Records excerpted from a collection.
......

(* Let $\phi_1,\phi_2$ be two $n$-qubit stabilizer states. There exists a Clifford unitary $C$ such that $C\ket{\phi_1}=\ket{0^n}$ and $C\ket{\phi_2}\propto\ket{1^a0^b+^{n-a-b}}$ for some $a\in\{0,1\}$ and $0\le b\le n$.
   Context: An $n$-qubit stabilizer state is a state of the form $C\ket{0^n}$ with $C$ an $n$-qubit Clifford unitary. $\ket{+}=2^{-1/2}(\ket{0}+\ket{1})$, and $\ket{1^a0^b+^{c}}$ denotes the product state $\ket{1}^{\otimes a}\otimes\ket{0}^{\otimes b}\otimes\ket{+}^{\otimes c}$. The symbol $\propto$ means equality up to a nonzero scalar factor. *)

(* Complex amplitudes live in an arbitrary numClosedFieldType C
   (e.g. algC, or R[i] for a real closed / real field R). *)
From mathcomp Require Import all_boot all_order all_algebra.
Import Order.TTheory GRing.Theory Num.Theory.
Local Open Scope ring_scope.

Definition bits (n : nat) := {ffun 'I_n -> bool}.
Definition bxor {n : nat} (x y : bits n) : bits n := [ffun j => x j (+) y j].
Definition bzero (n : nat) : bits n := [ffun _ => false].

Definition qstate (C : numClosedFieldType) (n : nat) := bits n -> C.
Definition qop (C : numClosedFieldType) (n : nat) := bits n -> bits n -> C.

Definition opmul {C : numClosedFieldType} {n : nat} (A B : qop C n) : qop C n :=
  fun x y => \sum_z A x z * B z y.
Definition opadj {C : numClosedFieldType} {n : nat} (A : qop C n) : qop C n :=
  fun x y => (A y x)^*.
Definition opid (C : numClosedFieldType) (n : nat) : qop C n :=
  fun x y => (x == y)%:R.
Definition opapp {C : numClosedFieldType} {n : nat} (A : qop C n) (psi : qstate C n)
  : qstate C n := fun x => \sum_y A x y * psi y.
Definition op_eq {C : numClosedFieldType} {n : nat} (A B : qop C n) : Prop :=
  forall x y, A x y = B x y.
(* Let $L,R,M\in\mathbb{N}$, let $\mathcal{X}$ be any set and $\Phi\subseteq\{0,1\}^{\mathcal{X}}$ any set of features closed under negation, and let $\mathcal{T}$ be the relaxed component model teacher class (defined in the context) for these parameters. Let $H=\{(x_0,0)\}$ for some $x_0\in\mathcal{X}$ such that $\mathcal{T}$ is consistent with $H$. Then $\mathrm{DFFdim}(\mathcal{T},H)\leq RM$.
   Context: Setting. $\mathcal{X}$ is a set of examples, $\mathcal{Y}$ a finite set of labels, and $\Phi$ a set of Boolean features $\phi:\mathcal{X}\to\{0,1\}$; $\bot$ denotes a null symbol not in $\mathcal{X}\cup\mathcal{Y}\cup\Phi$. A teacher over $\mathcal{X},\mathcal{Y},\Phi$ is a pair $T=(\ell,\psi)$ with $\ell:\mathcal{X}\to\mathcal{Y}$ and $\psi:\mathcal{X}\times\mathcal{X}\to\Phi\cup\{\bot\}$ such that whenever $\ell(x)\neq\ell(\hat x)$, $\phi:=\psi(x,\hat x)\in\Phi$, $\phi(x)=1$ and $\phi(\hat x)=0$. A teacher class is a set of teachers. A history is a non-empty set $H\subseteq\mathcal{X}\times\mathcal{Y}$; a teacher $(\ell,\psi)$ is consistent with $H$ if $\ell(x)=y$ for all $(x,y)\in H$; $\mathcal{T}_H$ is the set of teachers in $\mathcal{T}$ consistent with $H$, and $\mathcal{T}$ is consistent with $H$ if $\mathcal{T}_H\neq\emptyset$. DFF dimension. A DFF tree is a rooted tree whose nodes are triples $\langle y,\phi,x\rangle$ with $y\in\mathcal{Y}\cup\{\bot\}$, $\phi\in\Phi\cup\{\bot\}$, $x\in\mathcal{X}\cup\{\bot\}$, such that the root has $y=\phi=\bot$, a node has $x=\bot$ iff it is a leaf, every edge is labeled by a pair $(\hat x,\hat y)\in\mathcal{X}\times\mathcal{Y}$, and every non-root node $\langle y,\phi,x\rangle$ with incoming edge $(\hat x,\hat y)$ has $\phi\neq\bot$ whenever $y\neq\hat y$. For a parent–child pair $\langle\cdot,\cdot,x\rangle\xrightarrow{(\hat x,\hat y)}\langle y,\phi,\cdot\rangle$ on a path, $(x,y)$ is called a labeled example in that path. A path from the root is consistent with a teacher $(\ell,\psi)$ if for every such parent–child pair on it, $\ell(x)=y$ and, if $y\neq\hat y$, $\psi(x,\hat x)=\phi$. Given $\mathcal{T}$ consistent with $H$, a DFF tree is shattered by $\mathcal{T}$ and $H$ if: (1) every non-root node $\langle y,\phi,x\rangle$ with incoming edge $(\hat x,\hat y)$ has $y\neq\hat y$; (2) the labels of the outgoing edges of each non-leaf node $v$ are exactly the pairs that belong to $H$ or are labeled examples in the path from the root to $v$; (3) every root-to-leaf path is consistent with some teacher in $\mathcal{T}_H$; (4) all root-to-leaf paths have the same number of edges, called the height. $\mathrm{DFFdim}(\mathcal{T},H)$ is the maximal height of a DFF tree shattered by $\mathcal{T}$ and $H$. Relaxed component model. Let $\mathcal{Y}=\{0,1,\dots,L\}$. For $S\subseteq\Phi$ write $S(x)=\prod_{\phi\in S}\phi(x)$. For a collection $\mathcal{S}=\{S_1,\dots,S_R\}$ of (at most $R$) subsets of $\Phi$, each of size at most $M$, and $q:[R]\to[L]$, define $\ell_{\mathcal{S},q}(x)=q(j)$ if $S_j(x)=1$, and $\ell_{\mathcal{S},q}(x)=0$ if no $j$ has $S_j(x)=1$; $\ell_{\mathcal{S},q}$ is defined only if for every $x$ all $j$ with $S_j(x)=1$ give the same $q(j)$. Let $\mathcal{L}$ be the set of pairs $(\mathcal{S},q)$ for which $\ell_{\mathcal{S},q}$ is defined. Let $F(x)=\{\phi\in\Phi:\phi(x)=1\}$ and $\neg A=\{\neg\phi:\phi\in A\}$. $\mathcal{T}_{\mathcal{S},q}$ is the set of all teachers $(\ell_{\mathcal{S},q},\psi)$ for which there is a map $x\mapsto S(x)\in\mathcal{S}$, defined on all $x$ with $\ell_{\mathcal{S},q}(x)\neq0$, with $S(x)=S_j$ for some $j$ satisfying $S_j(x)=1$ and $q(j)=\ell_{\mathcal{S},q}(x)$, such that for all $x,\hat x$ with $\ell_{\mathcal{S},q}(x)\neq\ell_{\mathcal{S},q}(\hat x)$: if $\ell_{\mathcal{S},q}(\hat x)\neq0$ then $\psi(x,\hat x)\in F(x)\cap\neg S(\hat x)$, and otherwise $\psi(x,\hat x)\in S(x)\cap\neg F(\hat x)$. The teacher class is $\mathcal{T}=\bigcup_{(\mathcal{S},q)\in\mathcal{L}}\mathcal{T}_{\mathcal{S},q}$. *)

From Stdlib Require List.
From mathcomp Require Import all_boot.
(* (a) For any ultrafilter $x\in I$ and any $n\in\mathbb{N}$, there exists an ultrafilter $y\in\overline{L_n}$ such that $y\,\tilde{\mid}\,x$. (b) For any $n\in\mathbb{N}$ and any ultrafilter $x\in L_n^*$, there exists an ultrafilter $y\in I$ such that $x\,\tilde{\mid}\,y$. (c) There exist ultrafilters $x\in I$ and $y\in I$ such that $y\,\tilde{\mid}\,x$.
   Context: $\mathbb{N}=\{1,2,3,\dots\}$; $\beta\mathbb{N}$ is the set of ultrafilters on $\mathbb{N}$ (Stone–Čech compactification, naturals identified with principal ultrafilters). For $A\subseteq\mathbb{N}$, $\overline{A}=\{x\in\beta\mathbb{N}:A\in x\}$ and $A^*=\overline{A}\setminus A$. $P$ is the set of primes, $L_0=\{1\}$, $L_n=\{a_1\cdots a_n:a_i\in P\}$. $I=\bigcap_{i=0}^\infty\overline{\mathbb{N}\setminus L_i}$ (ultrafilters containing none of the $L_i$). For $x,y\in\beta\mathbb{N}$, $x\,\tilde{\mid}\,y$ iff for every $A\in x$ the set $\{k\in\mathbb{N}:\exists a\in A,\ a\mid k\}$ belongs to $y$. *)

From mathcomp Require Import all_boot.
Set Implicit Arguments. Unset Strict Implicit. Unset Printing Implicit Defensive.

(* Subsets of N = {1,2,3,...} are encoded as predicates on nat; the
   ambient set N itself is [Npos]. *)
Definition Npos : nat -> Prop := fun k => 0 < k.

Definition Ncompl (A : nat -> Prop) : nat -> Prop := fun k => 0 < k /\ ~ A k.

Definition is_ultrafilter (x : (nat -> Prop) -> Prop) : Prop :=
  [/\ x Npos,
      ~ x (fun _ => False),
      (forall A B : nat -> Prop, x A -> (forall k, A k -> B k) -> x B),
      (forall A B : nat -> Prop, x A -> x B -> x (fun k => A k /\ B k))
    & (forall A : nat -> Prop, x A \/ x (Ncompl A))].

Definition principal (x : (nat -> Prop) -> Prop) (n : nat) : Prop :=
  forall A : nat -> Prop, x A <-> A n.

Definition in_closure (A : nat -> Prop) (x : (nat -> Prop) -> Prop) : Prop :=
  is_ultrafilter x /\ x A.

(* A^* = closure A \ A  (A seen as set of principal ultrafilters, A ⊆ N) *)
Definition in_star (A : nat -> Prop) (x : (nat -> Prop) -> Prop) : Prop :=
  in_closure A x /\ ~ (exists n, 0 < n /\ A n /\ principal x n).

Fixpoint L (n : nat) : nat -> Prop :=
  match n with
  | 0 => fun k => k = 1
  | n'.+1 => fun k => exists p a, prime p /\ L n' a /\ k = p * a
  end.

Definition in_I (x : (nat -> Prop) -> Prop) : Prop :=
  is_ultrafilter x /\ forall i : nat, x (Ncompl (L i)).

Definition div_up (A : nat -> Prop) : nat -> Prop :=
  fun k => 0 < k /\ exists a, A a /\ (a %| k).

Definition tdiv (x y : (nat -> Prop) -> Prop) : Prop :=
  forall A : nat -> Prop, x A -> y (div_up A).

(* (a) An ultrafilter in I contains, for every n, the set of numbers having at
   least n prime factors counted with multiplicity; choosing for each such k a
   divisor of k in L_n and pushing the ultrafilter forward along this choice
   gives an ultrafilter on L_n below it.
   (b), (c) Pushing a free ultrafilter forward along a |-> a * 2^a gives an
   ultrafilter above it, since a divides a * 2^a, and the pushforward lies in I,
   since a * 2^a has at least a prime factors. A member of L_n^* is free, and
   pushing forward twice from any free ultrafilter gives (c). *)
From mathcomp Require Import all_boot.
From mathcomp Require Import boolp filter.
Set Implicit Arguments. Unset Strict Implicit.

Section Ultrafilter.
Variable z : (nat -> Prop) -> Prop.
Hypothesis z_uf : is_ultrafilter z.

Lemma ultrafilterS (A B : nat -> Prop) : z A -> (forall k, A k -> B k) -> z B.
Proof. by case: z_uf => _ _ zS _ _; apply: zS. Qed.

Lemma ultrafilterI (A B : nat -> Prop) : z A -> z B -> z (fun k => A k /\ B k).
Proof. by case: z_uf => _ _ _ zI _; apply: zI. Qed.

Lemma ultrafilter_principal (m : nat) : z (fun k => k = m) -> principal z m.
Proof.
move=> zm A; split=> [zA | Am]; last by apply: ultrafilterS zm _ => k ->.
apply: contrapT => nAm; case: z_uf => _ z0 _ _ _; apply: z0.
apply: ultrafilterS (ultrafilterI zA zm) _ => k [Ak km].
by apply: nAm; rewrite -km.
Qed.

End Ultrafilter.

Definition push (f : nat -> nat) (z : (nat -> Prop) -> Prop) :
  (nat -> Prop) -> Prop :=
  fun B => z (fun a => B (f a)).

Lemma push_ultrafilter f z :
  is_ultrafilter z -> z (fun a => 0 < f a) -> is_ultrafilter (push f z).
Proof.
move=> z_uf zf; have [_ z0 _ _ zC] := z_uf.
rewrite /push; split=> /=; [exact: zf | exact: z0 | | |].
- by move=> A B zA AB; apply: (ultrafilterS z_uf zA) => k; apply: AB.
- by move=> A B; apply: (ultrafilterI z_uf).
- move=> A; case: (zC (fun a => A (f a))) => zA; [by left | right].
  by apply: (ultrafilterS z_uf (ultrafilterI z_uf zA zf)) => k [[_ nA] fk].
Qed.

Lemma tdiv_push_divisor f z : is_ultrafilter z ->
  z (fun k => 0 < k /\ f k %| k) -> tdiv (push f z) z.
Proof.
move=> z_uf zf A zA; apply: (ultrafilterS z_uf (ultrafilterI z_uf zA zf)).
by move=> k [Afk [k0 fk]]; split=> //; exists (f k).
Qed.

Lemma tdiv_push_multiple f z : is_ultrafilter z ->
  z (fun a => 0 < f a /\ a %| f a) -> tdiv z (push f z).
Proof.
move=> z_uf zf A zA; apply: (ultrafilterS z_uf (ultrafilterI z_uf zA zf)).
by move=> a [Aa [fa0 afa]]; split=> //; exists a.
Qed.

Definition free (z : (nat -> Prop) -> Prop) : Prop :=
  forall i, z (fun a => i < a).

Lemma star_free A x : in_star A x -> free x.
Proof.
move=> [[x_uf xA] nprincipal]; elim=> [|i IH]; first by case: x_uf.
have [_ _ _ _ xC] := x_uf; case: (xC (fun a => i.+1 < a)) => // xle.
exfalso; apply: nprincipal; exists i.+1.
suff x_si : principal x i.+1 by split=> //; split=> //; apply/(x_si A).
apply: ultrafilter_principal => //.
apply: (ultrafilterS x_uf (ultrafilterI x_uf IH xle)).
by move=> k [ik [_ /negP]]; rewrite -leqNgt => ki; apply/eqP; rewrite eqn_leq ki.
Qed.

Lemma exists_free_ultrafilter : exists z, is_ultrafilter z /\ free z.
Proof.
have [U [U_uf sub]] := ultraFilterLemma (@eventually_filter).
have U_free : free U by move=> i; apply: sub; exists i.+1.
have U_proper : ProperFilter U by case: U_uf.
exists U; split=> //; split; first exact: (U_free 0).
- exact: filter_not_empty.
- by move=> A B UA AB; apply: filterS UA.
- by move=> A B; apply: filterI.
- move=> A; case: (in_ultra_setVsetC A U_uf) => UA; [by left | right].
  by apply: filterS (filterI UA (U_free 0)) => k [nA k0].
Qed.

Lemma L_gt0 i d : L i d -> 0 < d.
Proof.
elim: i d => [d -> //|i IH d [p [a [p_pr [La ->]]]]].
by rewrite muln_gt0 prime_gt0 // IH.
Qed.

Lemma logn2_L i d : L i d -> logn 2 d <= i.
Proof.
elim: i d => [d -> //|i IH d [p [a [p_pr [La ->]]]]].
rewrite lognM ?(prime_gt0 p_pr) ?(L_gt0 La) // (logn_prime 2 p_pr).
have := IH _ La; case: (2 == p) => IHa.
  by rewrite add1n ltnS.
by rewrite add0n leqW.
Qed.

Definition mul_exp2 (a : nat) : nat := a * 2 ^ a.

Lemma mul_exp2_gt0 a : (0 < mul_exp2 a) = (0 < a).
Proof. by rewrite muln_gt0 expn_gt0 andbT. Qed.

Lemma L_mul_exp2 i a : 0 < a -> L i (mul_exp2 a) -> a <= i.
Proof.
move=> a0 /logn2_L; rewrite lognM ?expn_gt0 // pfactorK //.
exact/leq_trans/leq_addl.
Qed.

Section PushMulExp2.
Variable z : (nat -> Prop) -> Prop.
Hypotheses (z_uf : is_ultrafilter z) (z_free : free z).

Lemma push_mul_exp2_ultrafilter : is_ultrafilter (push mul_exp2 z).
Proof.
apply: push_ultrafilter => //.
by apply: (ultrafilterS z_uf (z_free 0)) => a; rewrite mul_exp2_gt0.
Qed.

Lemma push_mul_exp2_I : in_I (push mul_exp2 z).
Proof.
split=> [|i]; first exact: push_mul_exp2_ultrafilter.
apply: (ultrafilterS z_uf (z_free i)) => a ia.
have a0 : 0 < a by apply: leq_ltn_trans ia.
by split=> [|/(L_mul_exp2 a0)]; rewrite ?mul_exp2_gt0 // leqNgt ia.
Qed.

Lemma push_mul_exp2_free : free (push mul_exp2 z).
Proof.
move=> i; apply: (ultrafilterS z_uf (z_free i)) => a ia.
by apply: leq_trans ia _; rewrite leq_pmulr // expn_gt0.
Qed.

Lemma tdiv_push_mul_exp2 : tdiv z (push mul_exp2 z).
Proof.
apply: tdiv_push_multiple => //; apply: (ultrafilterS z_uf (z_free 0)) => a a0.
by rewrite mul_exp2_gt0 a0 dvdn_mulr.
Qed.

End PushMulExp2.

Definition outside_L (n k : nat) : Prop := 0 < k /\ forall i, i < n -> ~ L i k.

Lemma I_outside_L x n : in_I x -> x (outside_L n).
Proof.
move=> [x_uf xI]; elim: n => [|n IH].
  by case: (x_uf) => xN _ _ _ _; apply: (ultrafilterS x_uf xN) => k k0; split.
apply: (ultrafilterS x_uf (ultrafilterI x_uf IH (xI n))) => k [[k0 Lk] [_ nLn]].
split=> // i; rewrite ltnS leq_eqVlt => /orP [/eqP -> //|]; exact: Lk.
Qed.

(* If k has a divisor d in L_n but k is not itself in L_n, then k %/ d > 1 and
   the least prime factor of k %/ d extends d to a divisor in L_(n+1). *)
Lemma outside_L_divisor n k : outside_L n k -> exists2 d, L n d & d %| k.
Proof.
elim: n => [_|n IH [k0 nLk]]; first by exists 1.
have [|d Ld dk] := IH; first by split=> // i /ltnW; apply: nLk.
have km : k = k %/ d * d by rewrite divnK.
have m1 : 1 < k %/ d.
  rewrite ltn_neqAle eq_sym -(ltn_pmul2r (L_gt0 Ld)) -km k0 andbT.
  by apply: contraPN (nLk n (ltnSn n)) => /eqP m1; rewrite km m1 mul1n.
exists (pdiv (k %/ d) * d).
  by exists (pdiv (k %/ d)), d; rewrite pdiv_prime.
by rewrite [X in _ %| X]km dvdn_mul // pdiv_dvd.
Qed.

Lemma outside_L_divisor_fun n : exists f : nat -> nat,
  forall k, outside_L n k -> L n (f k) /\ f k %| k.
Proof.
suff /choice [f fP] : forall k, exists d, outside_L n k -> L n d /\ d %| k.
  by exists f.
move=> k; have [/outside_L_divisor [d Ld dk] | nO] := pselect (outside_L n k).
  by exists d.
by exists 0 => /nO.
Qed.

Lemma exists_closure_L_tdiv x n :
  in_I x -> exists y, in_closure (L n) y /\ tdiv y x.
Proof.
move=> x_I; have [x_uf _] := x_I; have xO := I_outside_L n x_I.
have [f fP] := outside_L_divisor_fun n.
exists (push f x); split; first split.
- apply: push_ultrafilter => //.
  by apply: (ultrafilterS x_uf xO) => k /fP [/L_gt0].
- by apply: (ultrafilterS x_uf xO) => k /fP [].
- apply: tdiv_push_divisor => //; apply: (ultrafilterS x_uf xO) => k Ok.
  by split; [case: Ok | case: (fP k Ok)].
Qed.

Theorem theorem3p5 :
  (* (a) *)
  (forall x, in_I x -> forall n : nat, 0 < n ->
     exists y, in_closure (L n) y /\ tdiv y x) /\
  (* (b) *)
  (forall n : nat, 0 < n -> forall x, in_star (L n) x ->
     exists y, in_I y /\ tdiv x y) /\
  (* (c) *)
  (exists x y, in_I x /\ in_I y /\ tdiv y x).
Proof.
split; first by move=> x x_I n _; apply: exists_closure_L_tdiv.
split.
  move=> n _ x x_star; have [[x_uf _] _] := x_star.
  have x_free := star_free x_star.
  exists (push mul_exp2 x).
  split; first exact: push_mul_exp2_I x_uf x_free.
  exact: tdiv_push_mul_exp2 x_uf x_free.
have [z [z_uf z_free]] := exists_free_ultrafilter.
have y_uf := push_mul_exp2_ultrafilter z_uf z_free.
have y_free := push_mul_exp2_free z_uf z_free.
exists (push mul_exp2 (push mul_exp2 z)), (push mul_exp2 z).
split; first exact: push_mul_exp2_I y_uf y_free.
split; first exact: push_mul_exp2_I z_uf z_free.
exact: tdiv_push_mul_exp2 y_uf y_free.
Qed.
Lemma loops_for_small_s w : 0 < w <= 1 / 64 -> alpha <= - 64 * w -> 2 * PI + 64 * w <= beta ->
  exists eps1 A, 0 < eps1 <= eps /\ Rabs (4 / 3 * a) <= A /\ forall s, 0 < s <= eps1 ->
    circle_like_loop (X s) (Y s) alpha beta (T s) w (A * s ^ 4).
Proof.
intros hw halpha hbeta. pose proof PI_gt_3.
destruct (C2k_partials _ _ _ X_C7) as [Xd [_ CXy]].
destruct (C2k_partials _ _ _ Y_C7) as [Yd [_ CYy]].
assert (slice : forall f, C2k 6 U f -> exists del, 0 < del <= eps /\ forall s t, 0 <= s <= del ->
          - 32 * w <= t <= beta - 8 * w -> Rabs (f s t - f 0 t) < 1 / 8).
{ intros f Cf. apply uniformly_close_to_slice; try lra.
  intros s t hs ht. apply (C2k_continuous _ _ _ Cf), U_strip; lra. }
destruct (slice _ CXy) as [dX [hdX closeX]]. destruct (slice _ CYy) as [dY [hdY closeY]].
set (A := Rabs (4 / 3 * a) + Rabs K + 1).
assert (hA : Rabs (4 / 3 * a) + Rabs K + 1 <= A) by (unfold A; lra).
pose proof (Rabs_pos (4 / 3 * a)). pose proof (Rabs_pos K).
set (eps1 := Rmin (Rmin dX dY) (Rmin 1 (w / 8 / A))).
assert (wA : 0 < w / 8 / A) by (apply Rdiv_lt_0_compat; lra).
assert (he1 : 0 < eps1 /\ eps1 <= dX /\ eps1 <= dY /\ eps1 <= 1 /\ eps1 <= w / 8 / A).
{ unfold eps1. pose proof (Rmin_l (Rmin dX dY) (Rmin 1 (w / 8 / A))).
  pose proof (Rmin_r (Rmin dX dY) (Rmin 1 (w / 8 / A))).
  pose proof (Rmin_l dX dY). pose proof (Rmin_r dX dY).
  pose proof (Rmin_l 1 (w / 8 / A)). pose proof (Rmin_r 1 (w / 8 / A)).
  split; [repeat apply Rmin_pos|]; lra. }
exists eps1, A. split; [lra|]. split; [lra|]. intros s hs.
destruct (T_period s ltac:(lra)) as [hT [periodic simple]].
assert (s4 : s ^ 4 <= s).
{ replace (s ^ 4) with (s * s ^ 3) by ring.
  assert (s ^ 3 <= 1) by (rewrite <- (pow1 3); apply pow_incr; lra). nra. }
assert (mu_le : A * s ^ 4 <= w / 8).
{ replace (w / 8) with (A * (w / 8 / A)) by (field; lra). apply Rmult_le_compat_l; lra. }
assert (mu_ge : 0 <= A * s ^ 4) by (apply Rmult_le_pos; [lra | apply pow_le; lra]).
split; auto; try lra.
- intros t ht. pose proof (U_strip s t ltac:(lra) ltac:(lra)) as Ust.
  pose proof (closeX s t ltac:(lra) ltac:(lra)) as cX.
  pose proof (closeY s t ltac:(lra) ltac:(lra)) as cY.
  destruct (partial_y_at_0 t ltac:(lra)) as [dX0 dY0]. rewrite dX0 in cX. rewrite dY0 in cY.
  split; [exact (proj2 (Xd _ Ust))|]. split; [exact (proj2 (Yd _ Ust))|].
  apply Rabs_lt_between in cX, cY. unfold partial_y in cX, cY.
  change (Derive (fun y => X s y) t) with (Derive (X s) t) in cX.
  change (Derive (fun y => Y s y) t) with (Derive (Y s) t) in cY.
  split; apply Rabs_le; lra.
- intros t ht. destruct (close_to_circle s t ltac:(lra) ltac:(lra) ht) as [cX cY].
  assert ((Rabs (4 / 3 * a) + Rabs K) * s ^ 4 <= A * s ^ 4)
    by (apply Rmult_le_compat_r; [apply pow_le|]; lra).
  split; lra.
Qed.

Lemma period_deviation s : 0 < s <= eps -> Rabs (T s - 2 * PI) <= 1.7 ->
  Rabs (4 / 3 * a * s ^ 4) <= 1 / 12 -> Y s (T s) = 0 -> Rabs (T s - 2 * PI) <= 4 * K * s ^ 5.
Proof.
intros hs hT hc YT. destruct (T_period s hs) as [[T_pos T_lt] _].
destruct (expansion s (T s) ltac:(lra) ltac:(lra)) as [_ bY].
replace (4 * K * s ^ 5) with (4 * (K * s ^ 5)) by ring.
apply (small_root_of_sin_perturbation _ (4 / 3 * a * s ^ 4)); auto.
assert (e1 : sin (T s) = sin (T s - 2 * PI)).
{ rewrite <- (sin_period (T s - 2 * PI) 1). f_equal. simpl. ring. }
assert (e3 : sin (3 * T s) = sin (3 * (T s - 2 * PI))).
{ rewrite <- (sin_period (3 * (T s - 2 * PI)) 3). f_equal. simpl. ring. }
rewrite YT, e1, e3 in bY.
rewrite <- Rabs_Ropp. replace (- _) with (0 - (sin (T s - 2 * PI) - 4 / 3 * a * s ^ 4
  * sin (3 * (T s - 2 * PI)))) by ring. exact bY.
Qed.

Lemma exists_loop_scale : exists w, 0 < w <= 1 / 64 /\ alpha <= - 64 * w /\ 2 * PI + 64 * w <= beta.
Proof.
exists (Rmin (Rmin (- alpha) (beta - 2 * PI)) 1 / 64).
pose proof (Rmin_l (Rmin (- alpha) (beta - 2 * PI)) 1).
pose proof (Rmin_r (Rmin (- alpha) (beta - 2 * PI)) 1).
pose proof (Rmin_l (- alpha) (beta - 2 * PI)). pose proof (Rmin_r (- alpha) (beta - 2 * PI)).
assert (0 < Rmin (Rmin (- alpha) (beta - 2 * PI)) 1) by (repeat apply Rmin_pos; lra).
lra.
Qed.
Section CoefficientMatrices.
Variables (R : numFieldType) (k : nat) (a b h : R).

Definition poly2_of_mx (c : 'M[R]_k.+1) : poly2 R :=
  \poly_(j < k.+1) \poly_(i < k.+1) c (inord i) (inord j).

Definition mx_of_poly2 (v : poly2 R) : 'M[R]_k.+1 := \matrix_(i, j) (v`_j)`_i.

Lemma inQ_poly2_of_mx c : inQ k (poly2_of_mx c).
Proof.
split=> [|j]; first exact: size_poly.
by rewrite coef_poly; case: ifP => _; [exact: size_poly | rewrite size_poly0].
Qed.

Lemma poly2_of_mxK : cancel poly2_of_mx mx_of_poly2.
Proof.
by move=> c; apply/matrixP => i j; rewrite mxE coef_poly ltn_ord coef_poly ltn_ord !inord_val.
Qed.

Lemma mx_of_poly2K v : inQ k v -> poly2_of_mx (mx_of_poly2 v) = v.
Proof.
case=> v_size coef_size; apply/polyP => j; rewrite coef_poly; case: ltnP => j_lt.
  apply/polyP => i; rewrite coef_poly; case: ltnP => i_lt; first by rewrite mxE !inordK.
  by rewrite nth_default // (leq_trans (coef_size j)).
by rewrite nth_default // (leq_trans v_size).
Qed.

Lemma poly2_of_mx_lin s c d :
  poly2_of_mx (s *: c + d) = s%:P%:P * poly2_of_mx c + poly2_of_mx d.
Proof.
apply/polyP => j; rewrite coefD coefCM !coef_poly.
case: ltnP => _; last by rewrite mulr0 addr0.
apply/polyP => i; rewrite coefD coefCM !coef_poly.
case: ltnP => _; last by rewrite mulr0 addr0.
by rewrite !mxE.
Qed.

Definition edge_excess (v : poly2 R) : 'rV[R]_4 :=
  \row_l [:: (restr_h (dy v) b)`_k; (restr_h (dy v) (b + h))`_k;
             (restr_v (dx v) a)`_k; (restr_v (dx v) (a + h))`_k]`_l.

......

EXERCISE INSTRUCTIONS.
Among the entries above, locate the lines containing "destruct (expansion s" and "assert (e3 : sin", and transcribe exactly those two lines and all lines between.

THE ANSWER.
destruct (expansion s (T s) ltac:(lra) ltac:(lra)) as [_ bY].
replace (4 * K * s ^ 5) with (4 * (K * s ^ 5)) by ring.
apply (small_root_of_sin_perturbation _ (4 / 3 * a * s ^ 4)); auto.
assert (e1 : sin (T s) = sin (T s - 2 * PI)).
{ rewrite <- (sin_period (T s - 2 * PI) 1). f_equal. simpl. ring. }
assert (e3 : sin (3 * T s) = sin (3 * (T s - 2 * PI))).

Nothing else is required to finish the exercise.